(147g) Development of Algorithms for Identification of Sparse Dynamic Models with Mass and Energy Conservation from Noisy Data | AIChE

(147g) Development of Algorithms for Identification of Sparse Dynamic Models with Mass and Energy Conservation from Noisy Data

Research Interests: mathematical modeling, Bayesian machine learning, uncertainty quantification, optimization

System identification has taken a new turn in the last decade with improved computational power along with the abundance of data coming from increased sensor availability at lower costs and enhanced storage capabilities. This poster discusses my research goals focusing on three fundamental challenges in the development of data-driven models for chemical systems: 1) corruption of real plant measurements with noise of unknown characteristics 2) complex structure and lack of interpretability of models from many data-driven approaches and 3) limited extrapolation capabilities as models are not guaranteed to satisfy mass, energy and thermodynamic constraints.
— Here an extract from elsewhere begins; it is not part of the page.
(* Let $\mathcal{M}$ be a relative category. Then $N_\xi\mathcal{M}$ is Reedy fibrant if and only if, for all $n\ge1$, $m\ge0$ and $0\le k\le n$, every relative functor $\mathcal{S}_{k,n,m}\to\mathcal{M}$ extends to a relative functor $\xi(\hat{\underline n}\times\check{\underline m})\to\mathcal{M}$, where $\mathcal{S}_{k,n,m}\subseteq\xi(\hat{\underline n}\times\check{\underline m})$ is the full relative subposet $c\mathrm{Sd}^2(\Lambda^k[n]\times\Delta[m]\cup_{\Lambda^k[n]\times\partial\Delta[m]}\Delta[n]\times\partial\Delta[m])$ described below.
   Context: A relative category is a category with a subcategory of weak equivalences containing all objects; relative functors preserve weak equivalences; $\mathrm{RelCat}$ is their category. For a poset $P$ with a relative structure, $\xi P$ is the relative poset whose objects are strictly increasing sequences $A_0\subsetneq\dots\subsetneq A_r$ ($r\ge0$) of non-empty finite totally ordered subsets of $P$, with $B_\bullet\le A_\bullet$ iff each $B_j$ occurs among the $A_i$, a weak equivalence iff $\min B_0\le\min A_0$ is a weak equivalence of $P$. Here $\underline p=(0<\dots<p)$, $\check{\underline p}$ has only identities as weak equivalences, $\hat{\underline q}$ has all morphisms as weak equivalences, and products carry componentwise weak equivalences; so in $\hat{\underline n}\times\check{\underline m}$ the relation $(a,u)\le(a',u')$ is a weak equivalence iff $u=u'$. The underlying poset of $\xi(\hat{\underline n}\times\check{\underline m})$ is $c\mathrm{Sd}^2(\Delta[n]\times\Delta[m])$ ($c$ = fundamental category, $\mathrm{Sd}$ = barycentric subdivision). A totally ordered subset $S$ of $[n]\times[m]$ lies in $\Lambda^k[n]\times\Delta[m]\cup\Delta[n]\times\partial\Delta[m]$ iff its set of first coordinates is neither $[n]$ nor $[n]\setminus\{k\}$ or its set of second coordinates is not all of $[m]$; $\mathcal{S}_{k,n,m}$ is the full subposet of chains $A_0\subsetneq\dots\subsetneq A_r$ whose largest member $A_r$ has this property, with the induced relative structure. $N_\xi\mathcal{M}$ is the bisimplicial set $(p,q)\mapsto\mathrm{RelCat}(\xi(\check{\underline p}\times\hat{\underline q}),\mathcal{M})$; viewed as the simplicial object $p\mapsto(N_\xi\mathcal{M})_{p\bullet}$ in simplicial sets, it is Reedy fibrant if all matching maps are Kan fibrations. *)

From mathcomp Require Import all_boot.
Set Implicit Arguments. Unset Strict Implicit. Unset Printing Implicit Defensive.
Model Development from Noisy Data

Bayesian approach to machine learning is popular for its great potential in uncertainty quantification while providing opportunity to incorporate user belief and/or prior knowledge into the estimation process. While this approach can be highly computationally expensive and thus may not be suitable for many online applications (e.g., model-based control and optimization), an approximate Bayesian approach with much less computational cost is developed here and implemented in an Expectation Maximization (EM) algorithm framework for simultaneous parameter estimation and quantification of uncertainties in model parameters and predictions. While the developed algorithms do not assume identical distribution of noise in the measured variables, possible noise correlations are also accounted for.
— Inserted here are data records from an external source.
Lemma gmor1 (f : G -> G) : {morph f : a b / gmul a b} -> f gone = gone.
Proof.
move=> fM; apply: (@gmul_cancel_l (f gone)).
by rewrite gmul1r -fM gmul1r.
Qed.

Lemma can_gmor (f g : G -> G) : {morph f : a b / gmul a b} ->
  cancel f g -> cancel g f -> {morph g : a b / gmul a b}.
Proof. by move=> fM fK gK a b; apply: (can_inj fK); rewrite fM !gK. Qed.

End GroupMorphisms.

Section OneObjectGroupoid.
Variable G : Grp.

Definition BG_functor (f : G -> G) (fM : {morph f : a b / gmul a b}) :
  Functor (BG G) (BG G).
Proof.
refine (@Build_Functor (BG G) (BG G) id (fun _ _ (a : G) => (f a : G)) _ _).
- by move=> x y z a b; exact: fM.
- by move=> x; exact: gmor1.
Defined.

Definition BG_nt (F F' : Functor (BG G) (BG G)) (c : G)
  (cF : forall a : G, gmul c (@fmap _ _ F tt tt a) = gmul (@fmap _ _ F' tt tt a) c) :
  NatTrans F F'.
Proof. by refine (@Build_NatTrans _ _ F F' (fun _ => c) _) => [] [] [] a; apply: cF. Defined.

Lemma BG_functor_equiv (f : G -> G) (fM : {morph f : a b / gmul a b}) :
  bijective f -> is_equiv (BG_functor fM).
Proof.
case=> g fK gK; exists (BG_functor (can_gmor fM fK gK)).
by split; constructor; refine (@BG_nt _ _ gone _) => a /=; rewrite gmul1l gmul1r ?fK ?gK.
Qed.

Definition BG_symob (f : G -> G) (fM : {morph f : a b / gmul a b}) (fB : bijective f) :
  SymOb (BG G) := exist _ (BG_functor fM) (BG_functor_equiv fM fB).

Lemma hcast_BG (a b : unit) (e : a = b) : hcast (C := BG G) e = gone.
Proof. by destruct e. Qed.

Lemma nt_hcast_BG (F F' : SymOb (BG G)) (e : F = F') x :
  nt (hcast (C := Sym_gpd (BG G)) e) x = gone.
Proof. by destruct e. Qed.

Lemma BG_fmap_tt (F : Functor (BG G) (BG G)) (u v : unit) (a : G) :
  @fmap _ _ F u v a = @fmap _ _ F tt tt a.
Proof. by case: u; case: v. Qed.

Lemma BG_nt_tt (F F' : Functor (BG G) (BG G)) (a : NatTrans F F') (u : unit) :
  nt a u = nt a tt.
Proof. by case: u. Qed.

Lemma BG_fmap1 (F : Functor (BG G) (BG G)) x y : @fmap _ _ F x y gone = gone.
Proof. by rewrite BG_fmap_tt; exact: (fmap_id F tt). Qed.

Lemma BG_functor_ext (F F' : Functor (BG G) (BG G)) :
  (forall a : G, @fmap _ _ F tt tt a = @fmap _ _ F' tt tt a) -> F = F'.
Proof.
move=> FF'; have eo x : fobj F x = fobj F' x by case: (fobj F x); case: (fobj F' x).
refine (@functor_ext _ _ F F' eo _) => - [] [] a /=.
by rewrite FF' !hcast_BG gmul1l gmul1r.
Qed.

Lemma BG_fmap_bij (F : Functor (BG G) (BG G)) : is_equiv F -> bijective (@fmap _ _ F tt tt).
Proof. exact: equiv_fmap_bij. Qed.

End OneObjectGroupoid.

Ltac BG_tt := repeat match goal with
  | |- context[@fmap (BG ?M) (BG ?M) ?F ?u ?v ?a] =>
      tryif (constr_eq u tt; constr_eq v tt) then fail else rewrite (@BG_fmap_tt M F u v a)
  | |- context[@nt (BG ?M) (BG ?M) ?F ?F' ?a ?u] =>
      tryif constr_eq u tt then fail else rewrite (@BG_nt_tt M F F' a u)
  end.

Section Coproduct.
Variables (J : Type) (G : J -> Grp).
Local Notation C := (Gcop G).

Definition cop_hom (x : J) (a : G x) : hom C x x := @Build_CopHom J G x x (erefl x) a.

Lemma cop_hom_el x (h : hom C x x) : cop_hom (ch_el h) = h.
Proof. exact: CopHom_ext. Qed.

Lemma ch_el_hcast (x y : J) (e : x = y) : ch_el (hcast (C := C) e) = gone.
Proof. by destruct e. Qed.

Definition fmap_el (F : Functor C C) x (a : G x) : G (fobj F x) := ch_el (fmap F (cop_hom a)).

Lemma ch_el_fmap (F : Functor C C) x y (f : hom C x y) : ch_el (fmap F f) = fmap_el F (ch_el f).
Proof. by case: f => e a; destruct e. Qed.

Lemma fmap_el_mul (F : Functor C C) x : {morph @fmap_el F x : a b / gmul a b}.
Proof.
move=> a b; rewrite /fmap_el.
have -> : cop_hom (gmul a b) = comp (cop_hom a) (cop_hom b) by [].
rewrite fmap_comp /=; set e := ch_eq _.
by rewrite (proof_irrelevance _ e erefl).
Qed.

Lemma fmap_el_bij (F : Functor C C) x : is_equiv F -> bijective (@fmap_el F x).
Proof.
move=> /(@equiv_fmap_bij C F x) [g gK Kg].
by exists (fun c => ch_el (g (cop_hom c))) => a; rewrite /fmap_el cop_hom_el ?gK ?Kg.
Qed.

End Coproduct.

Section Cast.
Variables (I : Type) (G : I -> Grp).

Definition gcast (j i : I) (e : j = i) (c : G j) : G i := eq_rect j (fun k => gcar (G k)) c i e.

Lemma gcast_id i (e : i = i) c : gcast e c = c.
Proof. by rewrite (proof_irrelevance _ e erefl). Qed.

Lemma gcast_irr j i (e e' : j = i) c : gcast e c = gcast e' c.
Proof. by rewrite (proof_irrelevance _ e e'). Qed.

Lemma gcast_trans j k i (e1 : j = k) (e2 : k = i) c :
  gcast e2 (gcast e1 c) = gcast (etrans e1 e2) c.
Proof. by destruct e1, e2. Qed.

Lemma gcast_mul j i (e : j = i) : {morph gcast e : a b / gmul a b}.
Proof. by destruct e. Qed.

Lemma gcast_one j i (e : j = i) : gcast e gone = gone.
Proof. by destruct e. Qed.

Lemma gcast_bij j i (e : j = i) : bijective (gcast e).
Proof. by destruct e; exists id. Qed.

Lemma gcast_dep (J : Type) (P : J -> I) (d : forall y, G (P y)) y y' (e : y = y') j
  (e1 : P y = j) (e2 : P y' = j) :
  gcast e1 (d y) = gcast e2 (d y').
Proof. by destruct e; exact: gcast_irr. Qed.

End Cast.

Ltac gcast_simpl := repeat match goal with
  | |- context[@gcast ?I ?G ?j ?i ?e ?c] => rewrite (@gcast_id I G i e c)
  | |- context[@gcast ?I ?G ?j ?i ?e gone] => rewrite (@gcast_one I G j i e)
  end.

Section BlockCoproduct.
Variables (I : Type) (n : I -> nat) (G : I -> Grp).
Local Notation J := {i : I & 'I_(n i)}.
Local Notation C := (Gfam n G).

Lemma eq_rect_r_gcast (x y : J) (e : x = y) (c : G (projT1 y)) :
  eq_rect_r (fun w : J => gcar (G (projT1 w))) c e = gcast (f_equal (@projT1 _ _) (esym e)) c.
Proof. by destruct e. Qed.

Lemma ch_el_comp (x y z : J) (g : hom C y z) (f : hom C x y) :
  ch_el (comp g f) = gmul (gcast (f_equal (@projT1 _ _) (esym (ch_eq f))) (ch_el g)) (ch_el f).
Proof. by case: f => e a; destruct e. Qed.

Lemma existT_ord_eq (p : J) i (e : projT1 p = i) (o : 'I_(n i)) :
  val (projT2 p) = val o -> p = existT _ i o.
Proof. by case: p e => j q /= e; subst j => /val_inj ->. Qed.

Lemma ord_cast (j i : I) (e : j = i) (o : 'I_(n j)) : o < n i.
Proof. by subst. Qed.

Lemma equiv_fobj_inj (F : Functor C C) : is_equiv F -> injective (fobj F).
Proof.
move=> [F' [[a] _]] x y e.
have ex := ch_eq (nt a x); have ey := ch_eq (nt a y); simpl in ex, ey.
by rewrite -ex -ey e.
Qed.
Model Interpretability and Sparsity

The method involves the approximation of system nonlinearities by a set nonlinear transformations of input variables and their interactive effects. The optimal subset of the resulting large family of basis functions is selected using a Branch and Bound (B&B) algorithm by which all possible combinations are systematically enumerated but the employment of some efficient pruning strategies alongside an estimability check ensure that only promising nodes are explored thereby minimizing the computational cost. The resulting set of hierarchically ranked candidate models are found to be consistently more parsimonious than models from existing algorithms as sparsity is promoted here by comparing candidate models based on an information criterion which incorporates a measure of estimability and rewards fitness while penalizing model size and complexity.

Mass, Energy and Other Physics-Constraints for Data-Driven Models

Many existing approaches that pursue the satisfaction of physics constraints by data-driven models are often system specific requiring some detailed knowledge of the system. Here only boundary conditions are exploited in the two algorithms proposed for the enforcement of mass and energy constraints. One approach incorporates a reconciliation step into the EM algorithm while the second approach exploits the unique model structure to impose a set of equality constraints that ensure that mass constraints are exactly satisfied. The developed approaches are therefore generalizable and applicable to any chemical system. Future research goals focus on the implementation of the Bayesian brain hypothesis where probabilistic states are used to generate predictions for a given set of inputs, after which prediction errors are used to update beliefs1.

Boiler Health Monitoring Tool for Power Plant

The developed algorithms are used to identify models from actual plant data from an industrial boiler. In collaboration with Electric Power Research Institute (EPRI) and Southern Company, the developed models are used in hybridization with first-principles model for health analyses of boiler tubes. Models are developed using data from both NGCC and coal fired power plants for which the collected data are characterized with much noise due to unstable ash conditions.

In comparison with existing methods, the developed algorithms are tested with both simulated and real plant data representing situations where we know the truth about the system and where we do not. For the theoretical case, a non-isothermal CSTR is considered while data from an industrial boiler of a power plant and the absorber unit of a solvent-based post combustion CO2 capture pilot plant are considered for the latter case. The performances of the resulting models are compared to those obtained from some state-of-the-art approaches (namely, ALAMO2 and SINDy3) which seek to identify interpretable data driven models for process systems. The BML algorithm demonstrates superior performance in terms of sparsity by requiring an average of 50% of the model parameters given by these algorithms to achieve equivalent performance. The proposed method also outperforms the existing methods in terms of robustness to noisy data as it maintains below 5% even when model has been identified from data corrupted with highly correlated noise.

References

  1. Bottemanne, H., Longuet, Y. & Gauld, C. The predictive mind: An introduction to Bayesian Brain Theory. L’Encéphale 48, 436–444 (2022).
  2. Cozad, A., Sahinidis, N. V. & Miller, D. C. A combined first-principles and data-driven approach to model building. Comput. Chem. Eng. 73, 116–127 (2015).
  3. Brunton, S. L., Proctor, J. L., Kutz, J. N. & Bialek, W. Discovering governing equations from data by sparse identification of nonlinear dynamical systems. Proc. Natl. Acad. Sci. U. S. A. 113, 3932–3937 (2016).